Hundreds of thousands of children in India grow up on construction sites, living with parents for whom childcare and workplace safety are all but unknown.
“We just put them down beside us,” said a woman in pink working to build a bus corridor in the Indian capital.
“But one feels afraid. There are always cars passing by.”
As Delhi installs new public transport systems, and shiny apartment blocks replace old one-storey homes, builders are hard at work – with their small children playing around them.
The risk of injury is high and school attendance is low as the migrant workers, who often sleep on the building sites, have no idea where local schools are or just do not have the time to take their children there.

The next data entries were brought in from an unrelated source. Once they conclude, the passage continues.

Lemma sum_bad_le_codes : ~~ has_short_cycle l (e |: E1) ->
  \sum_(G | adm G && has_short_cycle l (e |: G)) gnp_weight p G <=
  \sum_(k < l.+1) \sum_(T : {set 'I_k}) \sum_(h | valid_code e E1 T h)
     \sum_(G | adm G && (code_edges T h \subset G)) gnp_weight p G.
Proof.
move=> noE1.
pose J k (T : {set 'I_k}) h (G : {set edge n}) :=
  if valid_code e E1 T h && (code_edges T h \subset G) then gnp_weight p G else 0.
have J_ge0 k T h G : 0 <= J k T h G by rewrite /J; case: ifP.
have -> : \sum_(k < l.+1) \sum_(T : {set 'I_k}) \sum_(h | valid_code e E1 T h)
     \sum_(G | adm G && (code_edges T h \subset G)) gnp_weight p G =
  \sum_(G | adm G) \sum_(k < l.+1) \sum_(T : {set 'I_k}) \sum_h J k T h G.
  rewrite exchange_big; apply: eq_bigr => k _ /=.
  rewrite exchange_big; apply: eq_bigr => T _ /=.
  rewrite exchange_big big_mkcond; apply: eq_bigr => h _ /=.
  rewrite /J; case: (valid_code e E1 T h) => /=; last by rewrite big1.
  by rewrite big_mkcondr.
apply: (@le_trans _ _ (\sum_(G | adm G && has_short_cycle l (e |: G))
    \sum_(k < l.+1) \sum_(T : {set 'I_k}) \sum_h J k T h G)); last first.
  by apply: ler_sum_subpred => [G /andP[] //|G _]; do 3 (apply: sumr_ge0 => * ).
apply: ler_sum => G /andP[admG badG]; case/and4P: (admG) => _ _ noG _.
have [k [T [h /andP[validTh subG]]]] := short_cycle_code noG noE1 badG.
apply: le_trans (ler_sum_term (i0 := k) _ _) => // [|? _]; last by do 2 apply: sumr_ge0 => ? _.
apply: le_trans (ler_sum_term (i0 := T) _ _) => // [|? _]; last by apply: sumr_ge0 => ? _.
by apply: le_trans (ler_sum_term (i0 := h) _ _) => //; rewrite /J validTh subG.
Qed.

Lemma sum_bad_le : ~~ has_short_cycle l (e |: E1) ->
  \sum_(G | adm G && has_short_cycle l (e |: G)) gnp_weight p G <=
  (\sum_(G | adm G) gnp_weight p G) *
  \sum_(k < l.+1) \sum_(T : {set 'I_k} | has_exit T)
     q ^+ #|T| * \prod_(i < k) #|choices T i|%:R.
Proof.
move=> noE1; apply: le_trans (sum_bad_le_codes noE1) _.
rewrite mulr_sumr; apply: ler_sum => k _; rewrite mulr_sumr [leRHS]big_mkcond /=.
apply: ler_sum => T _; case: ifP => [exitT|noexit]; last first.
  by rewrite big_pred0 // => h; rewrite /valid_code noexit.
apply: le_trans (ler_sum _ (fun h => @sum_code_supsets_le k T h)) _.
apply: le_trans (ler_sum_subpred (Q := fun h => h \in family (choices T)) _ _) _.
- by move=> h /and4P[].
- by move=> h _; rewrite mulr_ge0 ?exprn_ge0 ?sumr_ge0.
by rewrite sum_family_const [_ ^+ _ * _]mulrC -mulrA.
Qed.

End BadGraphs.

Lemma has_short_cycle0 n l : has_short_cycle l (finset.set0 : {set edge n}) = false.
Proof.
apply/negbTE/existsPn => k; apply/andP => -[k3 /existsP[f /andP[_ /forallP f_cycle]]].
by case/adjP: (f_cycle (Ordinal (ltn_trans (isT : 0 < 2)%N k3))) => x; rewrite inE.
Qed.

Lemma gtilde_condE (R : realType) n l (lam : R) (A B : pred {set edge n}) :
  0 < lam / n%:R < 1 ->
  gtilde_cond l lam A B =
  (\sum_(G | (A G && B G) && ~~ has_short_cycle l G) gnp_weight (lam / n%:R) G) /
  (\sum_(G | B G && ~~ has_short_cycle l G) gnp_weight (lam / n%:R) G).
Proof.
move=> p01; rewrite /gtilde_cond /gtilde_prob.
set Z := \sum_(G | ~~ has_short_cycle l G) _.
suff Z_gt0 : 0 < Z by rewrite invf_div mulrA divfK // gt_eqF.
apply: lt_le_trans (ler_sum_term (i0 := finset.set0) _ _) => [|//|G _].
- exact: gnp_weight_gt0.
- by rewrite has_short_cycle0.
- by apply: gnp_weight_ge0; case/andP: p01 => /ltW -> /ltW.
Qed.

Section EdgeSums.
Variables (R : realType) (n l : nat) (p : R) (E0 E1 : {set edge n}) (e : edge n).
Hypotheses (p_neq1 : p != 1) (eE0 : e \notin E0) (eE1 : e \notin E1).

Local Notation adm := (admissible l E0 E1 e).
Local Notation cond G := ((E1 \subset G) && (G \subset ~: E0)).

Lemma admissibleU1 H :
  (cond (H :|: [set e]) && ~~ has_short_cycle l (H :|: [set e])) && [disjoint H & [set e]]
  = adm H && ~~ has_short_cycle l (e |: H).
Proof.
rewrite finset.setUC disjoint_sym disjoints1 /admissible.
rewrite finset.subUset finset.sub1set inE eE0 /= -subDset.
have -> : E1 :\: [set e] = E1 by apply/finset.setDidPl; rewrite disjoint_sym disjoints1.
case: (E1 \subset H) (H \subset ~: E0) => [] [] //=.
case noeH: (has_short_cycle l (e |: H)) => /=; first by rewrite andbF.
suff -> : has_short_cycle l H = false by rewrite andbT.
by apply: contraFF noeH; apply/has_short_cycleS/finset.subsetUr.
Qed.

Lemma sum_edge_in :
  \sum_(G : {set edge n} | (e \in G) && cond G && ~~ has_short_cycle l G) gnp_weight p G =
  p / (1 - p) * \sum_(G | adm G && ~~ has_short_cycle l (e |: G)) gnp_weight p G.
Proof.
rewrite (eq_bigl (fun G : {set edge n} =>
  (cond G && ~~ has_short_cycle l G) && ([set e] \subset G))).
  by rewrite sum_gnp_weight_supsets // cards1 expr1; under eq_bigl do rewrite admissibleU1.
by move=> G; rewrite finset.sub1set; case: (e \in G); rewrite /= ?andbT ?andbF.
Qed.

Lemma sum_edge_cond :
  \sum_(G : {set edge n} | cond G && ~~ has_short_cycle l G) gnp_weight p G =
  p / (1 - p) * \sum_(G | adm G && ~~ has_short_cycle l (e |: G)) gnp_weight p G
  + \sum_(G | adm G) gnp_weight p G.
Proof.
rewrite -sum_edge_in (bigID (fun G : {set edge n} => e \in G)) /=.
congr (_ + _); apply: eq_bigl => G.
  by case: (e \in G); rewrite /= ?andbT ?andbF.
by rewrite /admissible -!andbA.
Qed.

End EdgeSums.

(* With q = p / (1 - p), q t' / (q t' + t) is the probability of an edge whose
   presence multiplies the weight by q, given weights t' and t for the graphs
   with and without it. *)
Lemma edge_ratio_bounds (R : realFieldType) (p eta t t' : R) :
  0 < p < 1 -> 0 <= eta -> 0 < t -> 0 <= t' <= t -> t - t' <= eta * t ->
  (1 - eta) * p <= p / (1 - p) * t' / (p / (1 - p) * t' + t) <= p.
Proof.
move=> /andP[p_gt0 p_lt1] eta_ge0 t_gt0 /andP[t'_ge0 t'_le] tt'.
set q := p / (1 - p).
have q_gt0 : 0 < q by rewrite divr_gt0 // subr_gt0.
have qp : q * (1 - p) = p by rewrite divfK // subr_eq0 eq_sym lt_eqF.
clearbody q.
have D_gt0 : 0 < q * t' + t by rewrite ltr_wpDl // mulr_ge0 // ltW.
rewrite ler_pdivlMr // ler_pdivrMr //; apply/andP; split; last first.
  have : p * t' <= p * t by rewrite ler_pM2l.
  have : t' * (q * (1 - p) - p) = 0 by rewrite qp subrr mulr0.
  nra.
have [c_le0|c_gt0] := leP (1 - eta) 0.
  apply: le_trans (_ : 0 <= q * t'); last exact: mulr_ge0 (ltW q_gt0) t'_ge0.
  by rewrite !mulr_le0_ge0 // ltW.
have : 0 <= (t' - (1 - eta) * t) * (q * (1 - (1 - eta) * p)).
  by rewrite !mulr_ge0 ?(ltW q_gt0) //; nra.
have : 0 <= (1 - eta) * t * p * q * eta by rewrite !mulr_ge0 // ltW.
have : (1 - eta) * t * (q * (1 - p) - p) = 0 by rewrite qp subrr mulr0.
nra.
Qed.

Lemma gtilde_cond_edge_bounds (R : realType) n l (lam eta : R)
    (E0 E1 : {set edge n}) (e : edge n) :
  0 < lam / n%:R <= 2^-1 -> [disjoint E0 & E1] -> e \notin E0 -> e \notin E1 ->
  ~~ has_short_cycle l (e |: E1) ->
  (#|touched (e |: E1)|%:R : R) ^+ 2 <= n%:R ->
  (l.+1)%:R * (#|touched (e |: E1)|%:R ^+ 2 / n%:R) *
    (n%:R * (lam / n%:R / (1 - lam / n%:R)) + 1) ^+ l <= eta ->
  let P := gtilde_cond l lam (fun G => e \in G)
             (fun G => (E1 \subset G) && (G \subset ~: E0)) in
  (1 - eta) * (lam / n%:R) <= P /\ P <= lam / n%:R.
Proof.
move=> p_bounds dE0E1 eE0 eE1 noE1 touched_le eta_ge P.
have n_gt0 : (0 < n)%N.
  by rewrite lt0n; apply: contraTneq p_bounds => ->; rewrite invr0 mulr0 ltxx.
have p_lt1 : lam / n%:R < 1 by case/andP: p_bounds => _; lra.
rewrite /P gtilde_condE; last by case/andP: p_bounds => ->.
have p_neq1 : lam / n%:R != 1 by rewrite lt_eqF.
rewrite (sum_edge_in l p_neq1 eE0 eE1) (sum_edge_cond l p_neq1 eE0 eE1).
move: (lam / n%:R) p_bounds p_lt1 eta_ge {p_neq1} => p /andP[p_gt0 p_le_half] p_lt1 eta_ge.
have q_ge0 : 0 <= p / (1 - p) by rewrite divr_ge0 ?subr_ge0 ?ltW.
have w_ge0 (G : {set edge n}) : 0 <= gnp_weight p G.
  by apply: gnp_weight_ge0; rewrite !ltW.
set S := \sum_(G | admissible l E0 E1 e G) gnp_weight p G.
set S' := \sum_(G | admissible l E0 E1 e G && ~~ has_short_cycle l (e |: G)) gnp_weight p G.
have S_gt0 : 0 < S.
  apply: lt_le_trans (ler_sum_term (i0 := E1) _ (fun G _ => w_ge0 G)).
    by apply: gnp_weight_gt0; rewrite p_gt0.
  rewrite /admissible fintype.subxx -finset.disjoints_subset disjoint_sym dE0E1 eE1 andbT.
  by apply: contra noE1; apply/has_short_cycleS/finset.subsetUr.
have S'_le : S' <= S by apply: ler_sum_subpred => [G /andP[]|].
have bad_le : S - S' <= eta * S.
  rewrite {1}/S (bigID (fun G => has_short_cycle l (e |: G))) /= addrK.
  apply: le_trans (sum_bad_le E0 (ltW p_gt0) p_le_half noE1) _.
  rewrite -/S [eta * S]mulrC ler_wpM2l ?(ltW S_gt0) //; apply: le_trans eta_ge.
  exact: sum_codes_le.
have eta_ge0 : 0 <= eta.
  by rewrite -(pmulr_lge0 _ S_gt0); apply: le_trans bad_le; rewrite subr_ge0.
by apply/andP; apply: edge_ratio_bounds; rewrite ?p_gt0 ?S'_le ?sumr_ge0.
Qed.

“We’ve heard of children falling and drowning on site,” said Mridula Bajaj, who heads the Delhi branch of Mobile Creches, an organisation trying to improve conditions for labourers and their children.
The group estimates that some 400,000 children accompany their parents on work sites in the capital alone, and probably millions nationwide.
With hundreds of thousands of workers flocking to the city each year in search of work, and willing to live in abject conditions, it is a struggle to get employers to provide even basic services.
“We think we’ve made a beginning but, as soon as we turn our backs, we are back where we started,” said Bajaj.
Mobile Creches estimates that it currently has daycare in place for no more than 2,000 children – largely because of resistance from developers and lax government enforcement.At the few work sites that do provide care, women workers say they are able to work better without worrying about their children.
At one site in Gurgaon, an affluent southern suburb that is home to multinational corporations and call centres, babies sleep in makeshift cribs as older children sing songs and read while their parents build luxury apartments.
“If the school was not here, I wouldn’t be able to work. We would only have one person earning in the family,” said brick carrier Vimla Pal, who has two children under the age of three.
“I would have to wait until my child was four or five to work.”
The daycare centre teaches children to count and read, and helps prepare them for a proper school – although many of them will never attend one.
Kranti, one of the children at the centre, used to study at school in her village in central Madhya Pradesh state before her parents migrated to Delhi.
“I have gone to school for three years in all,” said Kranti, 10, who also attended school in Delhi until she dropped out because the site where her parents now work is too far away.
“There is no transport,” she said.
The lack of services for children is just a small part of the problem, with most construction workers living in slum conditions in spite of a law passed more than a decade ago to remedy the problem.
On larger sites, employers are required by law to organise housing and toilets, while sites with more than 50 women are supposed to provide daycare.
But it doesn’t often work out like that.
“It’s so easy in India to break the rules,” said Bajaj.
Scores of construction sites employ too few people for the rules to apply to them, but even large employers flout the regulations and the government itself is accused of being one of the worst offenders.
Several of the workers toiling on the bus corridor, a Delhi government project, said they had lived for months under a bridge opposite a five-star hotel in huts made of sticks covered by sheets of tarpaulin.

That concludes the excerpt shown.